Şişkinlik, reflü zart zurt nedir kimse bilmemeli.Reflü ne ya? Başlatmayın reflüsüne. Şimdi  çocuklar bile   biliyor.

Geçen hafta daha 14 yaşında bir kız çocuğu reflüm var dedi. 4 tane  mide  ilacı  kullanıyor.Yüce Tanrım. Lanet olası katkı maddeleri ve stres.

Akşamları birbirine bağıran adamları dinlememeliyiz.

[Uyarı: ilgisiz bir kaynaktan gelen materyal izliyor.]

(* Let $\alpha,\beta,\gamma\in I(d)$ with $\alpha\le\beta\le\gamma$. For every $m\ge1$, the map sending a nonvanishing skew-symmetric notched bitableau $(P,Q)$ on $\bar\beta\times\beta$ with rows $P_1,\dots,P_r$, $Q_1,\dots,Q_r$ to $f_{\theta_1,\beta}\cdots f_{\theta_r,\beta}$, where $\theta_i=P_i\cup(\beta\setminus Q_i)$, is a bijection from the set of degree-$2m$ nonvanishing skew-symmetric notched bitableaux on $\bar\beta\times\beta$ bounded by $T_\alpha,W_\gamma$ onto the set of degree-$m$ standard monomials on $Y^\gamma_{\alpha,\beta}$.
   Context: Notation: $m^*=2d+1-m$; $I(d)$ is the set of $d$-subsets of $\{1,\dots,2d\}$ containing exactly one of $m,m^*$ for each $m$ and having an even number of elements $>d$; $v\le w$ iff $v_i\le w_i$ for sorted entries; $\bar\beta=\{1,\dots,2d\}\setminus\beta$. For $\theta\in I(d)$ with $\theta\setminus\beta=\{r_1<\dots<r_{2s}\}$, $f_{\theta,\beta}$ is the Pfaffian of the skew-symmetric $2s\times2s$ matrix $N$ with $N_{ij}=X_{(r_i,r_j^* )}$ for $i<j$, an element of $P=k[X_{(r,c)}:r\notin\beta,c\in\beta,r<c^*]$; the $\beta$-degree of $\theta$ is $s$. A product $f_{\theta_1,\beta}\cdots f_{\theta_r,\beta}$ ($\theta_i\in I(d)$) is a standard monomial on $Y^\gamma_{\alpha,\beta}$ if $\alpha\le\theta_1\le\dots\le\theta_r\le\gamma$ and each $\theta_i$ satisfies $\theta_i<\beta$ or $\theta_i>\beta$; its degree is the sum of the $\beta$-degrees. $T_\alpha$ is any subset of $\bar\beta\times\beta$ whose set of first coordinates is $\alpha\setminus\beta$ and set of second coordinates is $\beta\setminus\alpha$ (each coordinate appearing once); $W_\gamma$ likewise with $\gamma\setminus\beta$, $\beta\setminus\gamma$. Notched bitableaux. A notched bitableau is a pair $(P,Q)$ of arrays of the same shape of finitely many left-justified rows (numbered from top) of positive integers; $P_i,Q_i$ the multisets of row $i$; degree = number of boxes of $P$. Write $A-B\le A'-B'$ if $|A^{\le z}|-|B^{\le z}|\ge|A'^{\le z}|-|B'^{\le z}|$ for all $z$; for $|A|=|B|$ with sorted elements $\lambda_j,\delta_j$, $A-B<\emptyset$ (resp. $>\emptyset$) means $\lambda_j<\delta_j$ (resp. $>$) for all $j$. Semistandard: rows strictly increasing and $P_i-Q_i\le P_{i+1}-Q_{i+1}$; nonvanishing: every row $<\emptyset$ or $>\emptyset$. Skew-symmetric: semistandard, even row lengths, and duality (dual of the entry in row $i$, column $j$ of $P$ (resp. $Q$) is the entry in row $i$, column $k_i+1-j$ of $Q$ (resp. $P$); $x<y\Rightarrow\mathrm{dual}(x)>\mathrm{dual}(y)$, $x=y\Rightarrow\mathrm{dual}(x)=\mathrm{dual}(y)$). On $\bar\beta\times\beta$: entries of $P$ in $\bar\beta$, of $Q$ in $\beta$, each entry plus its dual equal to $2d+1$. For finite $S\subseteq\mathbb N^2$, $S_{(1)},S_{(2)}$ are the multisets of coordinates. $(P,Q)$ with $r$ rows is bounded by $T,W$ if $T_{(1)}-T_{(2)}\le P_1-Q_1$ and $P_r-Q_r\le W_{(1)}-W_{(2)}$. *)

From mathcomp Require Import all_boot all_order all_algebra.
Set Implicit Arguments. Unset Strict Implicit. Unset Printing Implicit Defensive.
Import Order.TTheory GRing.Theory Num.Theory.

(* Finite subsets of {1,...,2d} and multisets of positive integers are
   represented by sequences of naturals; sets are strictly increasing. *)

Definition dualn (d m : nat) : nat := (2 * d).+1 - m.

Definition inI (d : nat) (t : seq nat) : bool :=
  [&& sorted ltn t, size t == d, all (fun x => 0 < x <= 2 * d) t,
      all (fun m => (m \in t) != (dualn d m \in t)) (iota 1 (2 * d)) &
      ~~ odd (count (fun x => d < x) t)].

Definition leS (v w : seq nat) : bool := all2 leq (sort leq v) (sort leq w).
Definition ltS (v w : seq nat) : bool := leS v w && (sort leq v != sort leq w).

Definition setdiff (A B : seq nat) : seq nat := [seq x <- A | x \notin B].
Definition betabar (d : nat) (beta : seq nat) : seq nat :=
  setdiff (iota 1 (2 * d)) beta.

Definition cnt_le (z : nat) (A : seq nat) : nat := count (fun x => x <= z) A.

Definition diff_le (A B A' B' : seq nat) : Prop :=
  forall z : nat,
    ((cnt_le z A')%:Z - (cnt_le z B')%:Z <= (cnt_le z A)%:Z - (cnt_le z B)%:Z)%R.

(* A - B < emptyset, A - B > emptyset  (|A| = |B|, sorted entries) *)
Definition lt_empty (A B : seq nat) : bool := all2 ltn (sort leq A) (sort leq B).
Definition gt_empty (A B : seq nat) : bool :=
  all2 (fun x y => y < x) (sort leq A) (sort leq B).

(* A notched bitableau (P,Q): list of rows (P_i, Q_i), top row first. *)
Definition bitableau := seq (seq nat * seq nat).

Definition tdegree (T : bitableau) : nat := sumn [seq size r.1 | r <- T].

Definition semistandard (T : bitableau) : Prop :=
  [/\ all (fun r => (size r.1 == size r.2) && (0 < size r.1)) T,
      all (fun r => sorted ltn r.1 && sorted ltn r.2) T &
      forall i, i.+1 < size T ->
        diff_le (nth ([::], [::]) T i).1 (nth ([::], [::]) T i).2
                (nth ([::], [::]) T i.+1).1 (nth ([::], [::]) T i.+1).2].

Definition nonvanishing (T : bitableau) : bool :=
  all (fun r => lt_empty r.1 r.2 || gt_empty r.1 r.2) T.

(* pairs (entry, dual entry): dual of P(i,j) is Q(i,k_i+1-j) and vice versa *)
Definition dual_pairs (T : bitableau) : seq (nat * nat) :=
  flatten [seq let k := size r.1 in
             [seq (nth 0 r.1 j, nth 0 r.2 (k - 1 - j)) | j <- iota 0 k] ++
             [seq (nth 0 r.2 j, nth 0 r.1 (k - 1 - j)) | j <- iota 0 k] | r <- T].

Definition skew_symmetric (T : bitableau) : Prop :=
  [/\ semistandard T,
      all (fun r => ~~ odd (size r.1)) T &
      forall p q, p \in dual_pairs T -> q \in dual_pairs T ->
        (p.1 < q.1 -> q.2 < p.2) /\ (p.1 = q.1 -> p.2 = q.2)].

Definition skew_symmetric_on (d : nat) (beta : seq nat) (T : bitableau) : Prop :=
  [/\ skew_symmetric T,
      all (fun r => all (fun x => x \in betabar d beta) r.1) T,
      all (fun r => all (fun x => x \in beta) r.2) T &
      all (fun p => p.1 + p.2 == (2 * d).+1) (dual_pairs T)].

(* bounded by T_alpha, W_gamma: (T_alpha)_(1) = alpha \ beta,
   (T_alpha)_(2) = beta \ alpha, and similarly for W_gamma *)
Definition bounded (alpha beta gamma : seq nat) (T : bitableau) : Prop :=
  [/\ 0 < size T,
      diff_le (setdiff alpha beta) (setdiff beta alpha)
              (head ([::], [::]) T).1 (head ([::], [::]) T).2 &
      diff_le (last ([::], [::]) T).1 (last ([::], [::]) T).2
              (setdiff gamma beta) (setdiff beta gamma)].

Definition theta_of (beta : seq nat) (r : seq nat * seq nat) : seq nat :=
  sort leq (r.1 ++ setdiff beta r.2).

(* the map (P,Q) |-> f_{theta_1,beta} ... f_{theta_r,beta}, with the
   monomial recorded as its sequence of indices theta_1, ..., theta_r *)
Definition tab_to_mon (beta : seq nat) (T : bitableau) : seq (seq nat) :=
  [seq theta_of beta r | r <- T].

(* beta-degree of theta: |theta \ beta| = 2s *)
Definition bdeg (beta theta : seq nat) : nat := (size (setdiff theta beta)) %/ 2.

Definition standard_mon (d : nat) (alpha beta gamma : seq nat) (S : seq (seq nat)) : Prop :=
  [/\ all (inI d) S,
      path leS alpha (rcons S gamma) &
      all (fun th => ltS th beta || ltS beta th) S].

Definition mdegree (beta : seq nat) (S : seq (seq nat)) : nat :=
  sumn [seq bdeg beta th | th <- S].

Definition tab_set (d m : nat) (alpha beta gamma : seq nat) (T : bitableau) : Prop :=
  [/\ skew_symmetric_on d beta T, nonvanishing T, bounded alpha beta gamma T &
      tdegree T = 2 * m].

Definition mon_set (d m : nat) (alpha beta gamma : seq nat) (S : seq (seq nat)) : Prop :=
  standard_mon d alpha beta gamma S /\ mdegree beta S = m.

(* A row (P, Q) of a skew-symmetric bitableau on the complement of beta times beta
   determines theta = P u (beta \ Q), and is recovered from it as
   (theta \ beta, beta \ theta).  Since Q lists the duals of P, theta is the symmetric
   difference of beta with the duality-closed set P u Q, so it again contains exactly one
   of m, m^* for every m; evenness of |P| gives the parity condition of I(d).  The identity
   |theta^{<=z}| + |Q^{<=z}| = |P^{<=z}| + |beta^{<=z}| translates the order on I(d) into
   the order P - Q <= P' - Q' on rows: comparisons between consecutive thetas become the
   semistandard condition, comparisons with beta the nonvanishing condition, and
   comparisons with alpha and gamma (themselves thetas of the rows T_alpha, W_gamma) the
   boundedness condition. *)

From mathcomp Require Import all_boot all_order all_algebra zify.
Set Implicit Arguments. Unset Strict Implicit. Unset Printing Implicit Defensive.

Lemma all2_nthP (r : rel nat) s t : size s = size t ->
  reflect (forall i, i < size s -> r (nth 0 s i) (nth 0 t i)) (all2 r s t).
Proof.
elim: s t => [|x s IH] [|y t] //= => [_|[eq_st]]; first by left.
apply: (iffP andP) => [[rxy /(IH _ eq_st) rst] [|i] //= /rst // | rst].
by split; [exact: (rst 0) | apply/(IH _ eq_st) => i /(rst i.+1)].
Qed.

Lemma all2_flip (r : rel nat) s t : all2 r s t = all2 (fun y x => r x y) t s.
Proof. by elim: s t => [|x s IH] [|y t] //=; rewrite IH. Qed.

Lemma all2_leq_ltn s t : (forall x, x \in s -> x \notin t) -> all2 leq s t = all2 ltn s t.
Proof.
elim: s t => [|x s IH] [|y t] //= st; rewrite ltn_neqAle.
have /norP[/negbTE-> _] : x \notin y :: t by apply: st; rewrite mem_head.
by rewrite IH // => z zs; have := st z; rewrite !inE zs orbT => /(_ isT) /norP[].
Qed.

Lemma all2_leq_cnt_le s t : all2 leq s t -> forall z, cnt_le z t <= cnt_le z s.
Proof.
elim: s t => [|x s IH] [|y t] //= /andP[xy /IH st] z.
by have := st z; rewrite /cnt_le /=; case: (leqP y z); case: (leqP x z); lia.
Qed.

Lemma sorted_nth_le s z i : sorted leq s -> i < cnt_le z s -> nth 0 s i <= z.
Proof.
elim: s i => [|x s IH] i //= sxs; rewrite /cnt_le /=.
case: i => [|i] /=.
  case: (leqP x z) => //= zx; rewrite -has_count => /hasP[y ys yz].
  by move: sxs; rewrite path_sortedE => [/andP[/allP/(_ y ys)]|]; [lia | exact: leq_trans].
by case: (x <= z) => /= hi; apply: IH (path_sorted sxs) _; rewrite /cnt_le; lia.
Qed.

Lemma sorted_lt_cnt_le_nth s i : sorted leq s -> i < size s -> i < cnt_le (nth 0 s i) s.
Proof.
move=> ss lt_i_s; rewrite /cnt_le -[s in count _ s](cat_take_drop i.+1) count_cat.
suff -> : count (fun x => x <= nth 0 s i) (take i.+1 s) = i.+1 by rewrite leq_addr.
rewrite -[RHS](size_takel lt_i_s); apply/eqP; rewrite -all_count.
apply/(all_nthP 0) => j; rewrite size_takel // ltnS => le_ji.
rewrite nth_take //; apply: (sorted_leq_nth leq_trans leqnn) => //.
by rewrite inE; exact: leq_ltn_trans lt_i_s.
Qed.

Lemma sorted_all2_leqP s t : sorted leq s -> sorted leq t -> size s = size t ->
  reflect (forall z, cnt_le z t <= cnt_le z s) (all2 leq s t).
Proof.
move=> ss st eq_st; apply: (iffP idP); first exact: all2_leq_cnt_le.
move=> le_cnt; apply/(all2_nthP _ eq_st) => i lt_is.
apply: sorted_nth_le => //; apply: leq_trans (le_cnt _).
by apply: sorted_lt_cnt_le_nth; rewrite -?eq_st.
Qed.

Lemma leS_cnt_leP v w : size v = size w ->
  reflect (forall z, cnt_le z w <= cnt_le z v) (leS v w).
Proof.
move=> eq_vw; have cnt_sort z s : cnt_le z (sort leq s) = cnt_le z s by exact: count_sort.
have sorted_sort s : sorted leq (sort leq s) by exact: (sort_sorted leq_total).
rewrite /leS; apply: (iffP (sorted_all2_leqP (sorted_sort v) (sorted_sort w) _)).
- by rewrite !size_sort.
- by move=> le_cnt z; have := le_cnt z; rewrite !cnt_sort.
- by move=> le_cnt z; rewrite !cnt_sort.
Qed.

Radyo tiyatrosu iyidir. Sefiller nasıl? Victor Hugo ‘dan.1862 Paris’i. Filmi de var, kitabın yerini tutmuyor.

Sefillerde unutulmaz  bir sahne var,  şu : Başkahraman Jan Valjean ,evinde  konuk olduğu papazın değerli birkaç eşyasını çalar, eşi sabah farkedip  çok üzülür, bir süre sonra  polisler Jan Valjean’ı çaldığı değerli eşyalarla yakalarlar, papazın evine götürürler.

Papaz, o eşyaları Jan Valjean ‘a hediye ettiğini, bunun hırsızlık olmadığını  söyler. Polisler  Jan Valjean’ı bırakırlar. 

Jan, papaza ” neden kurtardınız beni” dedi. Papaz ” bu yaptığın duyulursa  hiç kimse  fakirleri evinde  konuk etmez  bundan sonra  bu olsun istemedim “der.

Güvenmek , birine  güvenmek  sonsuza kadar yok edilmemeliydi  değil mi Jan ?

Çalışırdık formika çok işlevli masada, herşeyin masasında, yemeğin,derslerin,çay ve meyvelerin masasında, abimin, ablamın da masasında.  Yazılıya ,sınava, ÖSS’ye hazırlanırdık.

Her şey dümdüzdü. Düz ve yalın. Sade.

Sorular vardı, cevaplıyordun, oluyordu, kolaydı.